K, but your posts have really changed *a lot* in the past year or so. :b


----------



## LostInStereo (Dec 8, 2013)

4 months. Did not get far at all.


----------



## a degree of freedom (Sep 28, 2011)

4 months. We took turns staying at each other's houses.



Bawsome said:


> 4 years, it was like having your best friend over ALL THE TIME!


 :heart


----------



## Scruffy The Janitor (Oct 21, 2013)

Three months, but I was 10 at the time.:um


----------



## polkaspot (Oct 30, 2012)

I have been on a second date with someone I wasn't all that interested in. Sadly, that's the closest I've ever been to a relationship.


----------



## just smile (Nov 2, 2013)

currently a year and a half and going strong :heart


----------



## tlgibson97 (Sep 24, 2009)

My first girlfriend has lasted past 19+ years and going. Married 16+ of them.


----------



## Jesuszilla (May 26, 2013)

^ How did you get that lucky


----------



## Tinydancer20 (Jun 17, 2013)

2 hrs. It went from the bathroom floor to the bedroom


----------



## 000XXX000 (Dec 1, 2013)

about 2 years. we never should have dated that long. we never really got along that well as a couple, but were more friends with benefits. at least from this end. but then again, my relationship before this one ended rather poorly and gave me some serious trust issues...


----------



## chinaski (Mar 1, 2010)

3 months with my first and only girlfriend, at 15. We would make out during launch, and she let me grope her breasts.

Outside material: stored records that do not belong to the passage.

(* For every prime power $q$, the number $I_{\mathrm{H}}(q)$ of $\mathbb{F}_q$-isomorphism classes of Hessian curves over $\mathbb{F}_q$ is $\lfloor (q+11)/12\rfloor$ if $q\equiv1\pmod3$, and $q-1$ if $q\equiv0,2\pmod3$.
   Context: For $u\in\mathbb{F}_q$ with $u^3\ne27$, the Hessian curve $E_{\mathrm{H},u}$ is the elliptic curve $X^3+Y^3+1=uXY$. Two such curves are $\mathbb{F}_q$-isomorphic if they are birationally equivalent over $\mathbb{F}_q$ (equivalently, their Weierstrass models are isomorphic via a Weierstrass change of variables with coefficients in $\mathbb{F}_q$). $I_{\mathrm{H}}(q)$ is the number of equivalence classes of $\{E_{\mathrm{H},u}: u\in\mathbb{F}_q,\ u^3\ne27\}$ under $\mathbb{F}_q$-isomorphism. *)

From HB Require Import structures.
From mathcomp Require Import all_boot all_order all_algebra all_field.
Set Implicit Arguments. Unset Strict Implicit. Unset Printing Implicit Defensive.
Import GRing.Theory.
Local Open Scope ring_scope.

(* Two long Weierstrass equations
     y^2 + a1 xy + a3 y = x^3 + a2 x^2 + a4 x + a6
   over F are F-isomorphic iff there is an admissible change of variables
   x = w^2 x' + r, y = w^3 y' + w^2 s x' + t with w <> 0 and r, s, t in F
   carrying the first to the second (Silverman, AEC, Table 3.1). *)
Definition weier_iso (F : finFieldType) (a1 a2 a3 a4 a6 b1 b2 b3 b4 b6 : F) : bool :=
  [exists w : F, exists r : F, exists s : F, exists t : F,
    [&& w != 0,
        w * b1 == a1 + 2 * s,
        w ^+ 2 * b2 == a2 - s * a1 + 3 * r - s ^+ 2,
        w ^+ 3 * b3 == a3 + r * a1 + 2 * t,
        w ^+ 4 * b4 == a4 - s * a3 + 2 * r * a2 - (t + r * s) * a1
                        + 3 * r ^+ 2 - 2 * s * t &
        w ^+ 6 * b6 == a6 + r * a4 + r ^+ 2 * a2 + r ^+ 3 - t * a3
                        - t ^+ 2 - r * t * a1]].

Last time I dated someone was when I was 17. I'm almost 30. But I don't do anything to try to change my situation, so I can't complain.


----------



## WhisperingPines05 (Aug 13, 2012)

The longest relationship I have had just barely exceeded two years. However, it all went downhill after the first year when we foolishly decided to move in with each other. I was, unsurprisingly, not ready for it all.


----------



## hammerfast (Mar 8, 2012)

mine was 7 years ago with this italian lady , once for two hours the second time i paid her to stay more , cause i been lonely


----------